Lemma card_good a c C0 s E (A : Z * Z -> Prop) : 1 < a <= 2 -> 0 < c < 1 -> 0 < C0 ->
  (forall p, A p -> resonant a C0 s E p /\ ~ near_diag c s (fst p)) ->
  card_le A (4 * (2 * C0 / good_slope a c) + 6).
Proof.
  intros Ha Hc HC0 HA.
  apply card_by_window with (s := s).
  - apply good_width_nonneg; lra.
  - intros p Hp; apply (HA p Hp).
  - intros p q Hp Hq.
    destruct (HA p Hp) as [Rp Gp], (HA q Hq) as [Rq Gq].
    unfold near_diag in Gp, Gq; rewrite !Rabs_Zabs in Gp, Gq.
    apply (good_window a c (2 * C0) (IZR (Z.abs s))); auto;
      try (apply IZR_natlike; lia); try lra.
    apply resonant_close with (E := E); auto.
Qed.

Lemma card_bad a c C0 s E (A : Z * Z -> Prop) : 1 < a <= 2 -> 0 < c < 1 -> 0 < C0 ->
  (forall p, A p -> resonant a C0 s E p /\ near_diag c s (fst p)) ->
  card_le A (4 * (bad_const a (2 * C0) * zpow s (1 - a / 2)) + 6).
Proof.
  intros Ha Hc HC0 HA.
  apply card_by_window with (s := s).
  - apply Rmult_le_pos; [left; apply bad_const_pos; lra | apply zpow_nonneg].
  - intros p Hp; apply (HA p Hp).
  - intros p q Hp Hq.
    destruct (HA p Hp) as [Rp Bp], (HA q Hq) as [Rq Bq].
    unfold near_diag in Bp, Bq; rewrite !Rabs_Zabs in Bp, Bq.
    assert (0 <= IZR (Z.abs (2 * fst p - s))) by (apply IZR_le; lia).
    assert (0 <= IZR (Z.abs (2 * fst q - s))) by (apply IZR_le; lia).
    assert (0 < IZR (Z.abs s)) by nra.
    replace (zpow s (1 - a / 2)) with (Rpower (IZR (Z.abs s)) (1 - a / 2)).
    + apply bad_window; try lra; try nra.
      apply resonant_close with (E := E); auto.
    + unfold zpow; destruct (Z.eqb_spec s 0) as [->|]; [simpl in *; lra | reflexivity].
Qed.

Definition fibre_const (a c C0 : R) : R :=
  4 * (2 * C0 / good_slope a c) + 4 * bad_const a (2 * C0) + 6.

Lemma fibre_const_pos a c C0 : 1 < a <= 2 -> 0 < c < 1 -> 0 < C0 -> 0 < fibre_const a c C0.
Proof.
  intros Ha Hc HC0; unfold fibre_const.
  assert (0 <= 2 * C0 / good_slope a c) by (apply good_width_nonneg; lra).
  assert (0 < bad_const a (2 * C0)) by (apply bad_const_pos; lra).
  lra.
Qed.

Lemma fibre_card a c C0 s E (Agood Abad : Z * Z -> Prop) :
  1 < a <= 2 -> 0 < c < 1 -> 0 < C0 ->
  (forall p, Agood p -> resonant a C0 s E p /\ ~ near_diag c s (fst p)) ->
  (forall p, Abad p -> resonant a C0 s E p /\ near_diag c s (fst p)) ->
  card_le Agood (fibre_const a c C0) /\
  card_le Abad (fibre_const a c C0 * (zpow s (1 - a / 2) + 1)).
Proof.
  intros Ha Hc HC0 Hgood Hbad.
  assert (0 <= 2 * C0 / good_slope a c) by (apply good_width_nonneg; lra).
  assert (0 < bad_const a (2 * C0)) by (apply bad_const_pos; lra).
  pose proof (zpow_nonneg s (1 - a / 2)).
  unfold fibre_const; split.
  - eapply card_le_mono; [apply (card_good a c C0 s E); auto | lra].
  - eapply card_le_mono; [apply (card_bad a c C0 s E); auto | nra].
Qed.

Theorem lemma2p7 (alpha c C0 : R)
  (halpha : 1 < alpha < 2) (hc : 0 < c < 1) (hC0 : 0 < C0) :
  exists C : R, 0 < C /\
  forall (N N1 N2 N3 : Z) (m : R),
    dyadic N -> dyadic N1 -> dyadic N2 -> dyadic N3 ->
    (1 <= N1 <= N)%Z -> (1 <= N2 <= N)%Z -> (1 <= N3 <= N)%Z ->
    (forall k k2 : Z,
       card_le (S_kk2_good alpha C0 m N N1 N2 N3 c k k2) C /\
       card_le (S_kk2_bad alpha C0 m N N1 N2 N3 c k k2)
         (C * (zpow (k + k2) (1 - alpha / 2) + 1))) /\
    (forall k1 k3 : Z,
       card_le (S_k1k3_good alpha C0 m N N1 N2 N3 c k1 k3) C /\
       card_le (S_k1k3_bad alpha C0 m N N1 N2 N3 c k1 k3)
         (C * (zpow (k1 + k3) (1 - alpha / 2) + 1))).
Proof.
  assert (Ha : 1 < alpha <= 2) by lra.
  exists (fibre_const alpha c C0); split; [apply fibre_const_pos; auto|].
  intros N N1 N2 N3 m _ _ _ _ _ _ _; split; intros x y.
  -
    apply (fibre_card alpha c C0 (x + y) (zpow x alpha + zpow y alpha + m)); auto;
      intros [k1 k3] [HS Hdiag]; split; auto; eapply inS_kk2_resonant; eauto.
  -
    apply (fibre_card alpha c C0 (x + y) (zpow x alpha + zpow y alpha - m)); auto;
      intros [k k2] [HS Hdiag]; split; auto; eapply inS_k1k3_resonant; eauto.
Qed.
(* Let $q>9$ be an odd prime power which is a square, and let $a,b,c,d\in\mathbb{F}_q$ with $a\neq 0$. Put $\ell(x)=ax^{\sqrt{q}+1}+dx^{\sqrt{q}}+bx+c$. If there is a subset $D\subseteq\mathbb{F}_q$ with $|D|>q-\sqrt{q}/2+1/2$ such that $\ell(x)$ is a square in $\mathbb{F}_q$ (i.e. $\ell(x)=y^2$ for some $y\in\mathbb{F}_q$) for every $x\in D$, then $a^{\sqrt{q}}b=d^{\sqrt{q}}a$. *)

From mathcomp Require Import all_boot all_order all_algebra all_field.
Set Implicit Arguments. Unset Strict Implicit. Unset Printing Implicit Defensive.

(* Write r = sqrt q.  Substituting x = u - d/a turns l into
   L(u) = a u^(r+1) + e u + f, where e = 0 exactly when a^r b = d^r a, so assume
   e <> 0; it suffices to exhibit r - 2 values of u at which L(u) is a nonsquare,
   since then |D| <= q - r + 2.  Every element of the subfield F_r = {t | t^r = t}
   is a norm u^(r+1), hence a square; so if k L(u)^r = k^r L(u) for a nonsquare k,
   then L(u) is zero or a nonsquare.  L has at most two zeros: a zero is determined
   by its norm, and that norm is a root of a nonzero quadratic.  If a is a
   nonsquare, the r points with e u = a t - f, t in F_r, satisfy the relation with
   k = a.  If a is a square, a well-chosen nonsquare k makes it hold on a whole
   "circle" (u + c)^(r+1) = rho, which has r + 1 points. *)

From mathcomp Require Import all_boot all_order all_algebra all_field all_solvable.
From mathcomp Require Import ring zify lra.
Import GRing.Theory Num.Theory.
Local Open Scope ring_scope.
Set Implicit Arguments. Unset Strict Implicit. Unset Printing Implicit Defensive.

Lemma card_roots_lt (R : finIdomainType) (p : {poly R}) :
  p != 0 -> (#|[set x | root p x]| < size p)%N.
Proof.
move=> p_neq0; rewrite cardE; apply: max_poly_roots p_neq0 _ (enum_uniq _).
by apply/allP => x; rewrite mem_enum inE.
Qed.

Lemma card_expr_eq_le (R : finIdomainType) n (c : R) :
  (0 < n)%N -> (#|[set x | x ^+ n == c]| <= n)%N.
Proof.
move=> n_gt0; have pX_neq0 : 'X^n - c%:P != 0 by rewrite -size_poly_eq0 size_XnsubC.
have := card_roots_lt pX_neq0; rewrite size_XnsubC // ltnS; apply: leq_trans.
by apply: subset_leq_card; apply/subsetP => x; rewrite !inE rootE !hornerE subr_eq0.
Qed.

Lemma card_quadratic_roots_le (R : finIdomainType) (A B C : R) :
  ~~ [&& A == 0, B == 0 & C == 0] ->
  (#|[set x | (A * x ^+ 2 + B * x + C == 0)%R]| <= 2)%N.
Proof.
move=> ABC_neq0; pose p := Poly [:: C; B; A].
have p_neq0 : p != 0.
  apply: contra ABC_neq0 => /eqP p0.
  have coef_eq0 i : [:: C; B; A]`_i = 0 by rewrite -coef_Poly -/p p0 coef0.
  by move: (coef_eq0 0%N) (coef_eq0 1%N) (coef_eq0 2%N) => /= -> -> ->; rewrite eqxx.
have := card_roots_lt p_neq0; move/leq_trans/(_ (size_Poly _)); rewrite ltnS.
apply: leq_trans; apply: subset_leq_card; apply/subsetP => x.
by rewrite !inE rootE horner_Poly /= mul0r add0r expr2 mulrA -mulrDl.
Qed.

Required work:
If a line in the data above holds the string "Abad", copy it.

Exercise response:
Lemma fibre_card a c C0 s E (Agood Abad : Z * Z -> Prop) :
  (forall p, Abad p -> resonant a C0 s E p /\ near_diag c s (fst p)) ->
  card_le Abad (fibre_const a c C0 * (zpow s (1 - a / 2) + 1)).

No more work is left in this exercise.